When I try to run the above script by entering values, an error shows as given below:
Error: You have an error in your SQL syntax; check the manual that corresponds to your MySQL server version for the right syntax to use near '1' at line 1.
I don't understand what the error is and I'm stuck here with knowing the error. Can someone please clear the errors for me. I'm a newbie in php and doesnot know much about php. So a little help from anyone is needed... Please help me out. My php script is shown below:
<?php
$con=mysqli_connect("localhost","username","password","db_name");
if (mysqli_connect_errno($con))
{
echo "Failed to connect to MySQL: " . mysqli_connect_error();
}
$username = $_POST['username'];
$image = $_POST['image'];
$result = mysqli_query($con,"INSERT INTO table3 (username,imagename) VALUES ('$username','$image')");
if (!mysqli_query($con,$result))
{
die('Error: ' . mysqli_error($con));
}
else
echo "1 record added";
mysqli_close($con);
?>
1) **You have an error in your SQL syntax; ** means that You have error in your query.

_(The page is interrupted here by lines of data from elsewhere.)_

Theorem theorem3p1 (R : realType) (V : lmodType R) (le : V -> V -> Prop)
  (X : Type) (S : X -> X -> X -> V) (p q k : X -> X)
  (h1 h2 h3 h4 h5 : R) :
  inhabited X ->
  linear_lattice le -> archimedean_space le ->
  vector_S_metric le S -> V_complete le S ->
  0 < h1 -> 0 < h2 -> 0 < h3 -> 0 < h4 -> 0 < h5 ->
  2 * h1 + 2 * h2 + 2 * h3 + 4 * h4 + 4 * h5 < 1 ->
  (forall xi ga : X,
     le (S (p xi) (p xi) (q ga))
        (h1 *: S (k xi) (k xi) (k ga) + h2 *: S (p xi) (p xi) (k xi)
         + h3 *: S (q ga) (q ga) (k ga) + h4 *: S (p xi) (p xi) (k ga)
         + h5 *: S (q ga) (q ga) (k xi))) ->
  (range p `|` range q `<=` range k) ->
  (V_complete_subset le S (range p) \/ V_complete_subset le S (range q)
   \/ V_complete_subset le S (range k)) ->
  (exists w : X,
     (point_of_coincidence p k w /\
      forall w', point_of_coincidence p k w' -> w' = w) /\
     (point_of_coincidence q k w /\
      forall w', point_of_coincidence q k w' -> w' = w)) /\
  (weakly_compatible p k -> weakly_compatible q k ->
   exists! z : X, p z = z /\ q z = z /\ k z = z).
Proof.
move=> X0 [ols _] arch HS complete /ltW h1_ge0 /ltW h2_ge0 /ltW h3_ge0 /ltW h4_ge0
  /ltW h5_ge0 h_small contr pqk compl.
have poc_eq := points_of_coincidence_eq ols HS h1_ge0 h2_ge0 h3_ge0 h4_ge0 h5_ge0 h_small contr.
have [u [puk quk]] := common_coincidence_point ols HS h1_ge0 h2_ge0 h3_ge0 h4_ge0 h5_ge0
  h_small contr X0 arch complete pqk compl.
have poc_p : point_of_coincidence p k (k u) by exists u.
have poc_q : point_of_coincidence q k (k u) by exists u.
split.
  exists (k u); split; split=> // w.
  - by move/poc_eq; apply.
  - by move/(poc_eq _ _ poc_p)/esym.
move=> wc_pk _.
have pkz : p (k u) = k (k u) by rewrite wc_pk // puk.
have pz : p (k u) = k u by apply: poc_eq poc_q; exists (k u).
have kz : k (k u) = k u by rewrite -pkz.
have qz := coincidence_p_q ols HS h1_ge0 h2_ge0 h3_ge0 h4_ge0 h5_ge0 h_small contr pkz.
exists (k u); split; first by rewrite qz kz.
move=> t [pt [qt kt]]; apply: esym; apply: poc_eq poc_q.
by exists t.
Qed.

It seems that your query is okay but that error may come from your post data. you need to mysqli_real_escape_string for post data.
2) you have executed twice the query.
try like this :
$username = mysqli_real_escape_string($con, $_POST['username']);
$image = mysqli_real_escape_string($con,$_POST['image']);
$result = mysqli_query($con,"INSERT INTO table3 (username,imagename) VALUES ('$username','$image')");
if (!$result)
{
die('Error: ' . mysqli_error($con));
}
else
echo "1 record added";
mysqli_close($con);
You should have written something like
$result = mysqli_query($con,"INSERT INTO table3 (username,imagename) VALUES ('$username','$image')");
if (!$result)
{
die('Error: ' . mysqli_error($con));
}
the condition should be something like
if (!$result)
{
die('Error: ' . mysqli_error());
}
Your SQL request (INSERT) is sent at the 9th line and the result is caught in $result. $result contains the number of lines affected by the previous request (1).
Then you call the mysqli_query method again with the value of $result as a SQL request : "1" is not a valid SQL request.